Тот, что постарше, стоял с ним рядом, пока упряжка выезжала на луг.

– Какая яма? – спросил он.

– Да я тут копаю, – ответил Матье. – Меня назначили могильщиком в саленские бараки.

Тот отпрянул. Постояв минуту в оцепенении, он бросил на Матье недобрый взгляд и крепко сжал рукоятку кнута.

– Что, чумной могильщик?! – воскликнул он.

Матье кивнул, разведя руками и как бы в знак извинения.

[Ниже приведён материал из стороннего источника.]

(* Let $m\ge 2$, let $C=uRM(m)$ (defined in the context) with base qubits $b_0,\dots,b_m$ and parity labels $L(q)$. For each $i\in\{0,\dots,m\}$, the logical operator $i$ of $C$, i.e. the codeword $x^{(i)}\in C$ with $x^{(i)}_{b_i}=1$ and $x^{(i)}_{b_j}=0$ for $j\ne i$ (whose support is the set of qubits $q$ with $i\in L(q)$), has weight exactly $2^{m-1}$.
   Context: Let $a=\lceil m/2\rceil$, $b=\lfloor m/2\rfloor$. Place $2^m$ bits (qubits) on a grid with $2^b$ rows and $2^a$ columns, positions $(i,j)$, row $1$ on top, column $1$ leftmost. Bulk checks: for $1\le i<2^b$, $1\le j<2^a$, the set $\{(i,j),(i+1,j),(i,j+1),(i+1,j+1)\}$. Boundary checks: for a line of $L=2^n$ positions $1,\dots,L$, each $s\in\{1,\dots,n-1\}$, $w=2^s$, and integer $t$ with $-L/(2w)+1\le t\le L/(2w)-1$, $S(w,t)=\{L/2-w/2+wt,\ L/2-w/2+wt+1,\ L/2+w/2+wt,\ L/2+w/2+wt+1\}$; these with $n=a$ on the top row ($j\mapsto(1,j)$) and with $n=b$ on the leftmost column ($i\mapsto(i,1)$). $C=uRM(m)$ is the set of $x\in\mathbb{F}_2^{2^m}$ with even sum over every check; it has dimension $m+1$. Base qubits are $m+1$ positions $b_0,\dots,b_m$ such that $x\mapsto(x_{b_0},\dots,x_{b_m})$ is a bijection $C\to\mathbb{F}_2^{m+1}$. The parity label of a qubit $q$ is the unique $L(q)\subseteq\{0,\dots,m\}$ with $x_q=\sum_{i\in L(q)}x_{b_i}$ for all $x\in C$. *)

From mathcomp Require Import all_boot all_order all_algebra.
Set Implicit Arguments. Unset Strict Implicit. Unset Printing Implicit Defensive.
Import Order.TTheory GRing.Theory Num.Theory.

Definition acol (m : nat) : nat := uphalf m.
Definition brow (m : nat) : nat := m./2.

(* A qubit is a grid position (row, column), 0-indexed internally:
   the ordinal pair (r, c) denotes the paper's position (r+1, c+1). *)
Definition qubit (m : nat) : finType := ('I_(2 ^ brow m) * 'I_(2 ^ acol m))%type.

Definition row1 {m} (q : qubit m) : nat := (val q.1).+1.
Definition col1 {m} (q : qubit m) : nat := (val q.2).+1.

Definition bulk_check (m i j : nat) : {set qubit m} :=
  [set q : qubit m | (row1 q \in [:: i; i.+1]) && (col1 q \in [:: j; j.+1])].

Definition bnd_pos (n s : nat) (t : int) : seq int :=
  let L2 := Posz ((2 ^ n) %/ 2) in
  let w2 := Posz ((2 ^ s) %/ 2) in
  let w := Posz (2 ^ s) in
  [:: (L2 - w2 + w * t)%R; (L2 - w2 + w * t + 1)%R;
      (L2 + w2 + w * t)%R; (L2 + w2 + w * t + 1)%R].

Definition bnd_ok (n s : nat) (t : int) : Prop :=
  (1 <= s <= n - 1)%N /\
  (- Posz (2 ^ n %/ (2 * 2 ^ s)) + 1 <= t)%R /\
  (t <= Posz (2 ^ n %/ (2 * 2 ^ s)) - 1)%R.

Definition top_check (m s : nat) (t : int) : {set qubit m} :=
  [set q : qubit m | (row1 q == 1%N) && (Posz (col1 q) \in bnd_pos (acol m) s t)].

Definition left_check (m s : nat) (t : int) : {set qubit m} :=
  [set q : qubit m | (col1 q == 1%N) && (Posz (row1 q) \in bnd_pos (brow m) s t)].

Definition is_check {m : nat} (S : {set qubit m}) : Prop :=
  (exists i j, [/\ (1 <= i < 2 ^ brow m)%N, (1 <= j < 2 ^ acol m)%N
                 & S = bulk_check m i j])
  \/ (exists s t, bnd_ok (acol m) s t /\ S = top_check m s t)
  \/ (exists s t, bnd_ok (brow m) s t /\ S = left_check m s t).

(* Binary words on the qubits (elements of F_2^{2^m}, with bool = F_2). *)
Definition word (m : nat) := {ffun qubit m -> bool}.

Definition even_on {m} (x : word m) (S : {set qubit m}) : bool :=
  ~~ odd #|[set q in S | x q]|.

Definition in_uRM {m : nat} (x : word m) : Prop :=
  forall S : {set qubit m}, is_check S -> even_on x S.

(* b_0..b_m are base qubits: x |-> (x_{b_0},...,x_{b_m}) is a bijection C -> F_2^{m+1}. *)
Definition base_qubits {m : nat} (b : 'I_m.+1 -> qubit m) : Prop :=
  (forall x y : word m, in_uRM x -> in_uRM y ->
     (forall k, x (b k) = y (b k)) -> x = y)
  /\ (forall v : 'I_m.+1 -> bool, exists x : word m,
        in_uRM x /\ forall k, x (b k) = v k).

Definition weight {m} (x : word m) : nat := #|[set q | x q]|.

(* The bulk checks make every codeword affine on the grid:
   x(r,c) = x(r,1) + x(1,c) + x(1,1).  On a line U of length 2^n the boundary
   checks say that the jump U(q-1) + U(q) depends only on the 2-adic valuation
   of q.  Hence a line is either constant or, k being the least exponent with a
   jump at 2^k, constant on blocks of length 2^k and flipped between blocks 2y
   and 2y+1, so that exactly half of its entries are 1.  A logical operator is
   not constant, so its top row or its left column is balanced, and by
   affinity so is every row, resp. every column. *)
From mathcomp Require Import all_boot all_order all_algebra.
From mathcomp Require Import zify ring.

Set Implicit Arguments.
Unset Strict Implicit.
Unset Printing Implicit Defensive.

Lemma pow2_gt0 k : 0 < 2 ^ k.
Proof. by rewrite expn_gt0. Qed.

Lemma logn2_lt n q : 0 < q < 2 ^ n -> logn 2 q < n.
Proof.
case/andP=> q_gt0 q_lt; rewrite -(ltn_exp2l _ _ (ltnSn 1)).
exact: leq_ltn_trans (dvdn_leq q_gt0 (pfactor_dvdnn 2 q)) q_lt.
Qed.

Lemma big_nat_offset a w (F : nat -> nat) :
  \sum_(a <= p < a + w) F p = \sum_(0 <= i < w) F (a + i).
Proof. by rewrite -{1}[a]add0n big_addn addKn; apply: eq_bigr => i _; rewrite addnC. Qed.

Definition balanced n (U : nat -> bool) := \sum_(0 <= p < 2 ^ n) U p = 2 ^ n.-1.

Lemma balanced_addb n k U : 0 < n -> balanced n U -> balanced n (fun p => k (+) U p).
Proof.
rewrite /balanced => n_gt0 U_bal; case: k => //=.
have sum_negb : \sum_(0 <= p < 2 ^ n) (~~ U p : nat) + \sum_(0 <= p < 2 ^ n) (U p : nat) = 2 ^ n.
  rewrite -big_split /= (eq_bigr (fun=> 1)) ?sum_nat_const_nat ?subn0 ?muln1 //.
  by move=> p _; case: (U p).
have : 2 ^ n = 2 * 2 ^ n.-1 by rewrite -expnS prednK.
lia.
Qed.

Lemma sum_xor_balanced R n (u v : nat -> bool) : 0 < n -> balanced n v ->
  \sum_(0 <= r < R) \sum_(0 <= c < 2 ^ n) (u r (+) v c : nat) = R * 2 ^ n.-1.
Proof.
move=> n_gt0 v_bal; rewrite (eq_bigr (fun=> 2 ^ n.-1)) ?sum_nat_const_nat ?subn0 //.
by move=> r _; apply: balanced_addb.
Qed.
Lemma scale_free_perturb T a (x e : R) (e0 : 0 <= e) (e1 : e <= 1) : (1 <= T)%N -> M <= x ->
  let g := e * (x - mean (nu a)) - gap nu a in 0 <= g ->
  g * (T%:R - (1 + e * T%:R) * pulls A nu a T) <= (x - m) * Phi T.
Proof.
move=> T1 Mx g g0.
have := scale_free (lt_le_trans mM Mx) (perturb_supported a e0 e1 mM Mx nu_supp) T1.
rewrite (regretE mA) lee_fin => /(le_trans _); apply.
apply: le_trans (margin_le_Rregret mA T (perturb_gap_best e0 e1 nu_supp g0)
  (perturb_gap_other e0 e1 nu_supp g0)).
by rewrite ler_wpM2l // lerD2l lerN2 pulls_perturb_le.
Qed.

Lemma pulls_lower_bound T a (psi : R) :
  (1 <= T)%N -> 0 < psi -> Phi T <= psi -> psi <= T%:R / 2 ->
  T%:R <= 4 * (1 + 2 * psi) * pulls A nu a T.
Proof.
move=> T1 psi_gt0 Phi_psi psi_T.
have T_gt0 : 0 < T%:R :> R by rewrite ltr0n.
set e := 2 * psi / T%:R.
have eT : e * T%:R = 2 * psi by rewrite divfK ?gt_eqF.
have e_gt0 : 0 < e by rewrite divr_gt0 ?mulr_gt0.
have e1 : e <= 1 by rewrite ler_pdivrMr // mul1r; lra.
set D := gap nu a / e; have eD : e * D = gap nu a by rewrite mulrC divfK ?gt_eqF.
(* With this [x] the margin is [e * y] with [2 (x - m) <= 3 y]. *)
set x := Num.max M (3 * mean (nu a) + 3 * D - 2 * m).
have Mx : M <= x by rewrite le_max lexx.
have x_big : 3 * mean (nu a) + 3 * D - 2 * m <= x by rewrite le_max lexx orbT.
set y := x - mean (nu a) - D.
have gE : e * (x - mean (nu a)) - gap nu a = e * y by rewrite -eD /y; ring.
have xm_y : 2 * (x - m) <= 3 * y by rewrite /y; lra.
have y_gt0 : 0 < y by move: xm_y Mx mM; lra.
have := scale_free_perturb (a := a) (ltW e_gt0) e1 T1 Mx; rewrite /= gE.
move/(_ (mulr_ge0 (ltW e_gt0) (ltW y_gt0))).
set N := pulls A nu a T; rewrite eT => bound.
have bound_y : e * y * (T%:R - (1 + 2 * psi) * N) <= 3 / 2 * y * psi.
  apply: (le_trans bound); apply: (@le_trans _ _ ((x - m) * psi)).
    by rewrite ler_wpM2l // subr_ge0 (le_trans (ltW mM)).
  by rewrite ler_wpM2r ?(ltW psi_gt0) //; lra.
have : e * (T%:R - (1 + 2 * psi) * N) <= 3 / 2 * psi.
  by rewrite -(ler_pM2l y_gt0); move: bound_y; congr (_ <= _); ring.
rewrite -(ler_pM2r T_gt0) -mulrAC eT; move: psi_gt0; nra.
Qed.

Lemma regret_lower_bound T : (2 <= T)%N -> Phi T <= T%:R / 2 ->
  T%:R * \sum_(a < K) gap nu a <=
    4 * (1 + 2 * Num.max (Phi T) 1) * Rregret A nu T.
Proof.
move=> T2 Phi_T; set psi := Num.max (Phi T) 1.
have T_ge2 : 2 <= T%:R :> R by rewrite (ler_nat R 2 T).
have pulls_ge a : T%:R <= 4 * (1 + 2 * psi) * pulls A nu a T.
  apply: pulls_lower_bound; first exact: leq_trans T2.
  - by rewrite lt_max ltr01 orbT.
  - by rewrite le_max lexx.
  - by rewrite ge_max Phi_T ler_pdivlMr //; lra.
rewrite /Rregret !mulr_sumr; apply: ler_sum => a _.
by rewrite mulrCA mulrC ler_wpM2l ?gap_ge0.
Qed.

(* For such [T], [Phi T < 1] would give [T S <= 12 Rregret <= 12 (M - m) Phi T < 12 (M - m)],
   while [12 (M - m) < T S]. *)
Lemma scaled_regret_lower_bound T : (2 <= T)%N -> Phi T <= T%:R / 2 ->
  let S := \sum_(a < K) gap nu a in 0 < S -> 12 * (M - m) / S < T%:R ->
  1 / 16 * S <= Rregret A nu T * (Phi T / T%:R).
Proof.
move=> T2 Phi_T S S_gt0 T_large; set Rg := Rregret A nu T.
have T_gt0 : 0 < T%:R :> R by rewrite ltr0n (leq_trans _ T2).
have Rg_le : Rg <= (M - m) * Phi T.
  by rewrite -lee_fin -(regretE mA) scale_free // (leq_trans _ T2).
have Rg_ge0 : 0 <= Rg := Rregret_ge0 mA nu T.
have := regret_lower_bound T2 Phi_T; rewrite -/S -/Rg.
case: (lerP 1 (Phi T)) => Phi1 low.
  by rewrite mulrA ler_pdivlMr //; move: Phi1 low Rg_ge0; nra.
move: T_large; rewrite ltr_pdivrMr // mulrC.
by move: mM Phi1 low Rg_le; nra.
Qed.

End lower_bound.

Theorem theorem1 (R : realType) (K : nat) (A : strategy R K) (Phi : nat -> R) :
  (2 <= K)%N ->
  measurable_strategy A ->
  (forall T, 0 <= Phi T) ->
  (forall (m M : R) (nu : 'I_K -> dist R), m < M -> in_Dmm m M nu ->
     forall T : nat, (1 <= T)%N ->
       (regret nu A T <= ((M - m) * Phi T)%:E)%E) ->
  (fun T : nat => Phi T / T%:R) @ \oo --> 0 ->
  forall nu : 'I_K -> dist R, in_Dbounded nu ->
    ((1 / 16 * \sum_(a < K) gap nu a)%:E <=
       limn_einf (fun T : nat => regret nu A T * (Phi T / T%:R)%:E))%E.
Proof.
move=> _ mA Phi_ge0 scale_free Phi_o nu [m [M [mM nu_supp]]].
apply: limn_einf_ge_near; set S := \sum_(a < K) gap nu a.
have : 0 <= S by apply: sumr_ge0 => a _; exact: gap_ge0.
rewrite le0r => /predU1P[S0|S_gt0].
  apply: nearW => T; rewrite S0 mulr0 (regretE mA) -EFinM lee_fin.
  by rewrite mulr_ge0 ?divr_ge0 ?Rregret_ge0.
near=> T.
have T2 : (2 <= T)%N by near: T; exact: nbhs_infty_ge.
have Phi_T : Phi T / T%:R < 1 / 2 by near: T; apply: (cvgr_lt _ Phi_o); rewrite divr_gt0.
have T_large : 12 * (M - m) / S < T%:R by near: T; exact: nbhs_infty_gtr.
rewrite (regretE mA) -EFinM lee_fin (scaled_regret_lower_bound mA scale_free mM nu_supp) //.
by move: Phi_T; rewrite ltr_pdivrMr ?ltr0n ?(leq_trans _ T2) // ler_pdivlMr //; lra.
Unshelve. all: by end_near.
Qed.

– Ах ты, паскуда, – завопил тот. – И ты ничего не сказал. Убирайся… Убирайся… Подлец ты этакий… Ты нам смерть принесешь.

Он замахнулся кнутом. Матье в страхе бросился бежать вверх по лугу.

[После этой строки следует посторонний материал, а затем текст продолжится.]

Lemma RInt_lincomb F G x y p q : ex_RInt F x y -> ex_RInt G x y ->
  RInt (fun t => p * F t + q * G t) x y = p * RInt F x y + q * RInt G x y.
Proof.
  intros H1 H2. apply is_RInt_unique.
  apply (@is_RInt_plus R_NormedModule (fun t => scal p (F t)) (fun t => scal q (G t))
           x y (scal p (RInt F x y)) (scal q (RInt G x y)));
    apply (@is_RInt_scal R_NormedModule), (@RInt_correct R_CompleteNormedModule); auto.
Qed.

Lemma ex_RInt_continuity_pt F c d : (forall t, c < t < d -> continuity_pt F t) ->
  forall x y, c < x -> x <= y -> y < d -> ex_RInt F x y.
Proof.
  intros H x y Hx Hxy Hy. apply (@ex_RInt_continuous R_CompleteNormedModule).
  intros z Hz. rewrite Rmin_left in Hz by auto. rewrite Rmax_right in Hz by auto.
  apply continuity_pt_filterlim. apply H; lra.
Qed.

Lemma RInt_primitive P F x y : x <= y ->
  (forall t, x <= t <= y -> derivable_pt_lim P t (F t)) ->
  (forall t, x <= t <= y -> continuity_pt F t) -> RInt F x y = P y - P x.
Proof.
  intros Hxy HD HC. apply is_RInt_unique.
  apply (@is_RInt_derive R_CompleteNormedModule P F x y).
  - intros z Hz. rewrite Rmin_left in Hz by lra. rewrite Rmax_right in Hz by lra.
    apply is_derive_Reals. apply HD; lra.
  - intros z Hz. rewrite Rmin_left in Hz by lra. rewrite Rmax_right in Hz by lra.
    apply continuity_pt_filterlim. apply HC; lra.
Qed.

Lemma RInt_le_of_nonneg H x y x' y' :
  (forall u v, x' <= u -> u <= v -> v <= y' -> ex_RInt H u v) ->
  (forall t, x' <= t <= y' -> 0 <= H t) -> x' <= x -> x <= y -> y <= y' ->
  RInt H x y <= RInt H x' y'.
Proof.
  intros I Hp H1 H2 H3.
  rewrite <- (@RInt_Chasles R_CompleteNormedModule H x' x y') by (apply I; lra).
  rewrite <- (@RInt_Chasles R_CompleteNormedModule H x y y') by (apply I; lra).
  assert (0 <= RInt H x' x) by (apply RInt_ge_0; [lra|apply I; lra|intros; apply Hp; lra]).
  assert (0 <= RInt H y y') by (apply RInt_ge_0; [lra|apply I; lra|intros; apply Hp; lra]).
  unfold plus; simpl. lra.
Qed.

(* [is_impint] in terms of Coquelicot's [RInt]; taking [del <= (d - c) / 2]
   keeps the two endpoints ordered. *)
Definition is_improper_RInt (F : R -> R) (c d l : R) : Prop :=
  (forall x y, c < x -> x <= y -> y < d -> ex_RInt F x y) /\
  forall eps, 0 < eps -> exists del, 0 < del /\ del <= (d - c) / 2 /\
    forall x y, c < x < c + del -> d - del < y < d -> Rabs (RInt F x y - l) < eps.

Lemma is_improper_RInt_le F G c d l1 l2 : c < d ->
  is_improper_RInt F c d l1 -> is_improper_RInt G c d l2 ->
  (forall t, c < t < d -> F t <= G t) -> l1 <= l2.
Proof.
  intros Hcd [I1 H1] [I2 H2] Hle.
  apply le_epsilon. intros eps He.
  destruct (H1 (eps/2) ltac:(lra)) as [d1 [Hd1 [Hd1c K1]]].
  destruct (H2 (eps/2) ltac:(lra)) as [d2 [Hd2 [Hd2c K2]]].
  set (e := Rmin d1 d2 / 2).
  assert (0 < Rmin d1 d2) by (apply Rmin_pos; lra).
  pose proof (Rmin_l d1 d2). pose proof (Rmin_r d1 d2).
  specialize (K1 (c + e) (d - e) ltac:(unfold e; lra) ltac:(unfold e; lra)).
  specialize (K2 (c + e) (d - e) ltac:(unfold e; lra) ltac:(unfold e; lra)).
  assert (RInt F (c + e) (d - e) <= RInt G (c + e) (d - e)).
  { apply RInt_le; unfold e in *; try lra; [apply I1 | apply I2 |]; try lra.
    intros t Ht; apply Hle; lra. }
  apply Rabs_def2 in K1. apply Rabs_def2 in K2. lra.
Qed.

– Наддай, чтоб тебя, – кричал тот. – Наддай же, Пьер. Мы в самую чуму влезли. Давай, давай!

Послышалось хлопанье кнутов, лошади взяли резвее, но с двумя гружеными фургонами они не могли долго держать скорость, и Матье, остановившийся возле своей начатой ямы, услышал, как скрип колес и цоканье копыт входят потихоньку в прежний ритм.

Часть третья

ДОБРЯК БЕЗАНСОН

14

Матье долго стоял, не шевелясь, напряженно слушая, как удаляется шум обоза, принесшего в эту обитель смерти дыхание жизни. Угрозы незнакомца до дрожи напугали Матье. И не удар кнута был ему страшен – он не мог забыть ужаса, которым полны были глаза того человека. Теперь он опять был один. Мир живых отторг его, отбросил сюда, где безраздельно властвует самая страшная на свете болезнь. Никогда до этой минуты не испытывал Матье такого всепоглощающего чувства одиночества и отчаяния. Те повели свою упряжку навстречу жизни. Через кантон Во дойдут они до Савойи, где их ждет покой, счастье и работа. Точно море бурлило в душе Матье – ему то слышались угрозы незнакомца, то проклятия Антуанетты, то его охватывал страх от предстоящей встречи с иезуитом. Он был отринут не только теми, кто еще мог стремиться к спокойной жизни, – его захотят изгнать и из бараков, где благодаря священнику перед ним забрезжила было надежда. Теперь Матье уже не понимал, откуда бы ей возникнуть. Просто он не представлял себе, чем все может кончиться. Священник утверждал, что всегда есть надежда ускользнуть от чумы, но разве не говорил он при этом, что если, самоотверженно ухаживая за больными, Матье найдет там свою смерть, то уж наверняка попадет в царствие небесное?